Construction of chimeric embryos and fetuses from Pdx1-Hes1 cloned and huKO cloned embryos. (A) Cloned embryo derived from the Pdx1-Hes1 transgenic fetus via microinjection with donor morula blastomeres. (B) Chimeric blastocysts. (C) Full-term chimeric fetuses (chimeras 1–3) and sibling nonchimeric cloned fetuses derived from host (Hes1) or donor (huKO) embryos. Note that nonchimeric fetuses derived from host embryos (Hes1) showed no fluorescence. (D, Center) Fetuses derived from host embryos were pancreatogenesis-disabled.

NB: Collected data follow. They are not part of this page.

Lemma index_enum_rank x : index x (enum T) = enum_rank x.
Proof.
by rewrite -{1}(nth_enum_rank x x) index_uniq ?enum_uniq // -cardE ltn_ord.
Qed.

End Rank.

Arguments perm_pos_inj {T} p.
Arguments lex_pos_inj {T} key.

Section BackDegree.
Variables (T : finType) (e : rel T) (k : T -> nat).
Implicit Types (pos : T -> nat).

Definition nbhd u := [set v | e u v].

Definition back_deg pos u := #|[set v in nbhd u | pos v < pos u]|.

Lemma back_deg_le pos u : back_deg pos u <= deg e u.
Proof. by apply: subset_leq_card; apply/subsetP => v; rewrite inE => /andP[]. Qed.

Lemma eq_back_deg pos pos' : (forall x y, (pos x < pos y) = (pos' x < pos' y)) ->
  back_deg pos =1 back_deg pos'.
Proof. by move=> eq_lt u; apply: eq_card => v; rewrite !inE eq_lt. Qed.

Lemma back_deg_rank_in pos u : back_deg pos u = rank_in pos (u |: nbhd u) u.
Proof.
apply: eq_card => v; rewrite !inE.
by case: (v =P u) => [->|]; rewrite ?ltnn ?andbF.
Qed.

Lemma admissible_back_deg (p : {perm T}) :
  admissible e (fun u => Posz (k u)) (fun u => back_deg (perm_pos p) u - k u).
Proof.
exists [seq p^-1%g x | x <- enum T]; split.
- by rewrite map_inj_uniq ?enum_uniq //; apply: perm_inj.
- by move=> x; rewrite inE -{1}(permK p x) mem_map ?mem_enum //; apply: perm_inj.
have index_pos v : index v [seq p^-1%g x | x <- enum T] = perm_pos p v.
  by rewrite -{1}(permK p v) index_map ?index_enum_rank //; apply: perm_inj.
move=> s1 s2 u def_s.
have s_uniq : uniq (s1 ++ u :: s2).
  by rewrite -def_s map_inj_uniq ?enum_uniq //; apply: perm_inj.
have -> : [set v in s1 | e u v] = [set v in nbhd u | perm_pos p v < perm_pos p u].
  by apply/setP => v; rewrite !inE -(index_ltn_prefix v s_uniq) -def_s !index_pos andbC.
by rewrite -PoszD lez_nat -leq_subLR.
Qed.

Lemma admissible_back_deg_le iota : admissible e (fun u => Posz (k u)) iota ->
  exists2 pos, injective pos & forall u, back_deg pos u - k u <= iota u.
Proof.
case=> s [s_uniq mem_s s_deg].
have in_s x : x \in s by rewrite mem_s inE.
exists (index^~ s) => [x y|u]; first by apply: index_inj; rewrite ?in_s.
case/splitPr: (in_s u) s_uniq s_deg => s1 s2 s_uniq /(_ s1 s2 u erefl).
have -> : [set v in s1 | e u v] =
          [set v in nbhd u | index v (s1 ++ u :: s2) < index u (s1 ++ u :: s2)].
  by apply/setP => v; rewrite !inE (index_ltn_prefix v s_uniq) andbC.
by rewrite -PoszD lez_nat leq_subLR.
Qed.

Hypotheses (sym_e : symmetric e) (irr_e : irreflexive e).

Lemma card_closed_nbhd u : #|u |: nbhd u| = (deg e u).+1.
Proof. by rewrite cardsU1 inE irr_e. Qed.

Lemma handshake pos : injective pos -> 2 * \sum_u back_deg pos u = \sum_u deg e u.
Proof.
move=> pos_inj.
have back_deg_sum u : back_deg pos u = \sum_v (e u v && (pos v < pos u)).
  by rewrite /back_deg -sum1_card big_mkcond; apply: eq_bigr => v _; rewrite !inE.
have deg_split u : deg e u = back_deg pos u + \sum_v (e v u && (pos u < pos v)).
  rewrite back_deg_sum /deg -sum1_card big_mkcond -big_split /=.
  apply: eq_bigr => v _; rewrite inE (sym_e v u); case: (boolP (e u v)) => //= euv.
  have: pos u != pos v by apply: contraTneq euv => /pos_inj ->; rewrite irr_e.
  by case: ltngtP.
rewrite (eq_bigr _ (fun u _ => deg_split u)) big_split /= [X in _ + X]exchange_big /=.
by rewrite mul2n -addnn (eq_bigr _ (fun u _ => back_deg_sum u)).
Qed.

Lemma back_deg_complete pos u : (forall x y, x != y -> e x y) ->
  back_deg pos u = rank_in pos [set: T] u.
Proof.
move=> complete; apply: eq_card => v; rewrite !inE.
case: (v =P u) => [->|/eqP neq_vu]; first by rewrite irr_e ltnn.
by rewrite complete // eq_sym.
Qed.

End BackDegree.

Lemma double_sum_subn m n : 2 * \sum_(j < m.+1) (j - n) = (m - n) * (m - n).+1.
Proof.
elim: m => [|m IH]; first by rewrite big_ord_recr big_ord0.
rewrite big_ord_recr /= mulnDr IH; case: (leqP n m) => [le_nm | lt_mn].
  by rewrite (subSn le_nm); set d := m - n; ring.
by have [-> ->] : m - n = 0 /\ m.+1 - n = 0 by lia.
Qed.

Lemma subSn_leq m n : n.+1 - m = n - m + (m <= n).
Proof. by case: (leqP m n) => [/subSn -> | lt_nm]; lia. Qed.

Section OrderCost.
Variables (R : realFieldType) (T : finType) (e : rel T) (c : T -> R) (k : T -> nat).
Hypotheses (irr_e : irreflexive e) (c_gt0 : forall u, (0 < c u)%R).
Implicit Types (pos : T -> nat).
Local Open Scope ring_scope.

Definition order_cost pos : R := \sum_u c u * (back_deg e pos u - k u)%:R.

Definition avg_cost : R :=
  \sum_u c u * (((deg e u - k u) * (deg e u - k u).+1)%:R / (2 * (deg e u).+1%:R)).

Definition order_cost_invariant : Prop :=
  forall pos pos', injective pos -> injective pos' -> order_cost pos = order_cost pos'.

Lemma order_cost_perm pos : injective pos ->
  exists p : {perm T}, order_cost pos = order_cost (perm_pos p).
Proof.
move=> /perm_pos_of_inj[p lt_p]; exists p.
by apply: eq_bigr => u _; rewrite (eq_back_deg _ lt_p).
Qed.

Lemma sum_order_cost :
  \sum_(p : {perm T}) order_cost (perm_pos p) = #|{perm T}|%:R * avg_cost.
Proof.
rewrite exchange_big mulr_sumr; apply: eq_bigr => u _.
rewrite -mulr_sumr -natr_sum mulrCA; congr (c u * _).
have := sum_perm_rank_in (fun j => (j - k u)%N) (setU11 u (nbhd e u)).
rewrite card_closed_nbhd // => eq_sum.
have {}eq_sum : (deg e u).+1%:R * (\sum_(p : {perm T}) (back_deg e (perm_pos p) u - k u))%:R
                = #|{perm T}|%:R * (\sum_(j < (deg e u).+1) (j - k u))%:R :> R.
  by rewrite -!natrM -eq_sum; under eq_bigr do rewrite back_deg_rank_in.
have D_neq0 : (deg e u).+1%:R != 0 :> R by rewrite pnatr_eq0.
rewrite -double_sum_subn -[LHS](mulKf D_neq0) eq_sum natrM; field.
by rewrite nat1r.
Qed.

Lemma is_beta_avg_costP :
  is_beta e c (fun u => Posz (k u)) avg_cost <-> order_cost_invariant.
Proof.
have perms_gt0 : 0 < #|{perm T}|%:R :> R by rewrite ltr0n; apply/card_gt0P; exists 1%g.
split=> [[_ beta_le] | inv].
  have cost_avg p : order_cost (perm_pos p) = avg_cost.
    have avg_le q : avg_cost <= order_cost (perm_pos q).
      exact: beta_le (admissible_back_deg e k q).
    have sum0 : \sum_q (order_cost (perm_pos q) - avg_cost) = 0.
      by rewrite sumrB sum_order_cost sumr_const mulr_natl subrr.
    apply/eqP; rewrite -subr_eq0; apply/eqP.
    by apply: (psumr_eq0P _ sum0) => // q _; rewrite subr_ge0.
  by move=> pos pos' /order_cost_perm[p ->] /order_cost_perm[p' ->]; rewrite !cost_avg.
have cost_avg p : order_cost (perm_pos p) = avg_cost.
  rewrite (inv _ _ (perm_pos_inj p) (perm_pos_inj 1)).
  apply: (mulfI (lt0r_neq0 perms_gt0)); rewrite -sum_order_cost.
  under eq_bigr do rewrite (inv _ _ (perm_pos_inj _) (perm_pos_inj 1)).
  by rewrite sumr_const mulr_natl.
split.
  exists (fun u => back_deg e (perm_pos 1) u - k u)%N.
  by split; [apply: admissible_back_deg | apply: cost_avg].
move=> iota /admissible_back_deg_le[pos pos_inj le_iota].
rewrite -(cost_avg 1%g) -(inv _ _ pos_inj (perm_pos_inj 1)).
by apply: ler_sum => u _; rewrite ler_wpM2l ?ler_nat ?le_iota // ltW.
Qed.

Lemma order_cost_invariant_deg :
  (forall u, k u = deg e u) -> order_cost_invariant.
Proof.
move=> k_deg pos pos' _ _.
suff cost0 q : order_cost q = 0 by rewrite !cost0.
apply: big1 => u _; rewrite k_deg.
have /eqP -> : (back_deg e q u - deg e u == 0)%N by rewrite subn_eq0 back_deg_le.
by rewrite mulr0.
Qed.

Lemma order_cost_invariant_k0 : symmetric e ->
  (forall u v, c u = c v) -> (forall u, k u = 0%N) -> order_cost_invariant.
Proof.
move=> sym_e c_const k0 pos pos' pos_inj pos'_inj.
have [x _ | T0] := pickP (fun _ : T => true); last by rewrite /order_cost !big_pred0.
have cost_E q : order_cost q = c x * (\sum_u back_deg e q u)%:R.
  by rewrite natr_sum mulr_sumr; apply: eq_bigr => u _; rewrite k0 subn0 (c_const u x).
rewrite !cost_E; congr (_ * _%:R); apply/eqP.
by rewrite -(eqn_pmul2l (isT : 0 < 2)%N) !handshake.
Qed.

Lemma order_cost_invariant_complete : (forall x y, x != y -> e x y) ->
  (forall u v, c u = c v) -> (forall u v, k u = k v) -> order_cost_invariant.
Proof.
move=> complete c_const k_const pos pos' pos_inj pos'_inj.
have [x _ | T0] := pickP (fun _ : T => true); last by rewrite /order_cost !big_pred0.
have cost_E q : injective q ->
    order_cost q = c x * \sum_(j < #|[set: T]|) (j - k x)%:R.
  move=> q_inj; rewrite -(sum_rank_in [set: T] (fun j => (j - k x)%:R) q_inj) mulr_sumr.
  apply: eq_big => [u | u _]; first by rewrite inE.
  by rewrite (c_const u x) (k_const u x) back_deg_complete.
by rewrite !cost_E.
Qed.

End OrderCost.

Section SwapKey.
Variables (T : finType) (S : {set T}).

Definition swap_key u v x : nat :=
  if x \in S then 0 else if x == u then 1 else if x == v then 2 else 3.

Lemma swap_key_ltn_first u v y : u \notin S ->
  (lex_pos (swap_key u v) y < lex_pos (swap_key u v) u) = (y \in S).
Proof.
move=> uS; have key_u : swap_key u v u = 1 by rewrite /swap_key (negbTE uS) eqxx.
rewrite lex_pos_ltn key_u /swap_key.
by case: (y \in S) => //; case: (y =P u) => [->|]; rewrite ?ltnn //; case: (y == v).
Qed.

Lemma swap_key_ltn_second u v y : u != v -> v \notin S ->
  (lex_pos (swap_key u v) y < lex_pos (swap_key u v) v) = (y \in u |: S).
Proof.
move=> neq_uv vS.
have key_v : swap_key u v v = 2 by rewrite /swap_key (negbTE vS) eq_sym (negbTE neq_uv) eqxx.
rewrite lex_pos_ltn key_v /swap_key !inE.
case: (y \in S); rewrite ?orbT //.
by case: (y =P u) => //= _; case: (y =P v) => [->|]; rewrite ?ltnn.
Qed.

Lemma swap_key_ltn_other u v x y : x != u -> x != v ->
  (lex_pos (swap_key u v) y < lex_pos (swap_key u v) x) =
  (lex_pos (swap_key v u) y < lex_pos (swap_key v u) x).
Proof.
move=> xu xv; rewrite !lex_pos_ltn /swap_key (negbTE xu) (negbTE xv).
by case: (x \in S); case: (y \in S); case: (y == u); case: (y == v).
Qed.

End SwapKey.

(* What invariance of the order cost forces when the adjacent vertices u and v,
   placed right after S, trade places. *)
Definition swap_rule (C : Type) (T : finType) (e : rel T) (c : T -> C) (k : T -> nat) :=
  forall (S : {set T}) u v, e u v -> u \notin S -> v \notin S ->
    (k u <= #|nbhd e u :&: S|) = (k v <= #|nbhd e v :&: S|) /\
    (k u <= #|nbhd e u :&: S| -> c u = c v).

Section ThresholdSwap.
Variables (R : realFieldType) (T : finType) (e : rel T) (c : T -> R) (k : T -> nat).
Hypotheses (sym_e : symmetric e) (irr_e : irreflexive e) (c_gt0 : forall u, (0 < c u)%R).
Hypothesis cost_inv : order_cost_invariant e c k.

Lemma back_deg_swap_key_first (S : {set T}) u v : u \notin S ->
  back_deg e (lex_pos (swap_key S u v)) u = #|nbhd e u :&: S|.
Proof. by move=> uS; apply: eq_card => y; rewrite !inE swap_key_ltn_first. Qed.

Lemma back_deg_swap_key_second (S : {set T}) u v : e u v -> u \notin S -> v \notin S ->
  back_deg e (lex_pos (swap_key S u v)) v = #|nbhd e v :&: S|.+1.
Proof.
move=> euv uS vS; have neq_uv : u != v by apply: contraTneq euv => ->; rewrite irr_e.
rewrite /back_deg.
have -> : [set y in nbhd e v | lex_pos (swap_key S u v) y < lex_pos (swap_key S u v) v] =
          u |: (nbhd e v :&: S).
  apply/setP => y; rewrite !inE swap_key_ltn_second // !inE.
  by case: (y =P u) => [->|_] //=; rewrite andbT sym_e.
by rewrite cardsU1 !inE (negbTE uS) andbF.
Qed.

Lemma back_deg_swap_key_other (S : {set T}) u v x : x != u -> x != v ->
  back_deg e (lex_pos (swap_key S u v)) x = back_deg e (lex_pos (swap_key S v u)) x.
Proof. by move=> xu xv; apply: eq_card => y; rewrite !inE swap_key_ltn_other. Qed.

Lemma threshold_swap (S : {set T}) u v : e u v -> u \notin S -> v \notin S ->
  (c u *+ (k u <= #|nbhd e u :&: S|) = c v *+ (k v <= #|nbhd e v :&: S|))%R.
Proof.
move=> euv uS vS; have neq_uv : u != v by apply: contraTneq euv => ->; rewrite irr_e.
have vu_e : e v u by rewrite sym_e.
have split_uv (F : T -> R) :
    (\sum_x F x = F u + (F v + \sum_(x | (x != u) && (x != v)) F x))%R.
  by rewrite (bigD1 u) // (bigD1 v) 1?eq_sym.
have := cost_inv (lex_pos_inj (swap_key S u v)) (lex_pos_inj (swap_key S v u)).
rewrite /order_cost split_uv [in RHS]split_uv.
under eq_bigr => x /andP[xu xv] do rewrite back_deg_swap_key_other //.
rewrite !back_deg_swap_key_first // !back_deg_swap_key_second //.
move: #|nbhd e u :&: S| #|nbhd e v :&: S| => a b.
rewrite (subSn_leq (k u) a) (subSn_leq (k v) b) !natrD !mulrDr !mulr_natr; lra.
Qed.

Lemma order_cost_invariant_swap_rule : swap_rule e c k.
Proof.
move=> S u v euv uS vS; have := threshold_swap euv uS vS.
case: (k u <= _); case: (k v <= _); rewrite ?mulr1n ?mulr0n => eq_c //.
- by have := c_gt0 u; rewrite eq_c ltxx.
- by have := c_gt0 v; rewrite -eq_c ltxx.
Qed.

End ThresholdSwap.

Pancreata of the chimeric fetuses (Left) appeared normal and brightly fluoresced orange throughout, as did pancreata of huKO clone fetuses (Right), indicating that pancreata of the chimeric fetuses were generated from donor embryo cells. (E) Almost all pancreatic tissue of chimeric fetuses stained with anti-huKO antibody. HE, H&E. (Scale bars: A, B, and E, 100 μm.)

Fig. 4.

Production of chimeric offspring by complementation of Pdx1-Hes1 pancreatogenesis-disabled embryos. (A) Chimeric pig (middle pig) was obtained after complementation of host Pdx1-Hes1 embryos with embryonic cells from a coat-colored WT donor. Sibling nonchimeric cloned pigs were derived from donor (top pig, brown coat) and host (bottom pig, white coat) embryos. (B) Mature chimeric boar exhibits WT (donor) coat-color chimerism. (C) Vestigial pancreas (Upper, arrowhead) of a host embryo-derived cloned piglet and normal pancreas (Lower) of a donor-embryo derived piglet. D, duodenum; St, stomach. (D and E) Normal growth and serum glucose concentrations were observed in chimeric pigs. Pig W127 did not undergo blood sampling at the age of 6 mo due to a leg injury. (F) Serum glucose concentrations in a chimeric pig (W126) and WT pig during oral glucose tolerance testing. (G) Normally formed pancreas generated in a chimeric pig (W128) exhibits orange fluorescence derived from the donor huKO embryo. (H) Histological appearance of pancreas generated in a chimeric pig, with staining throughout by anti-huKO antibody. HE, H&E. (I) Islet of Langerhans in the pancreas generated in a chimeric pig marks immunohistochemically for insulin. (Scale bars: C, 1 cm; H and I, 100 μm.)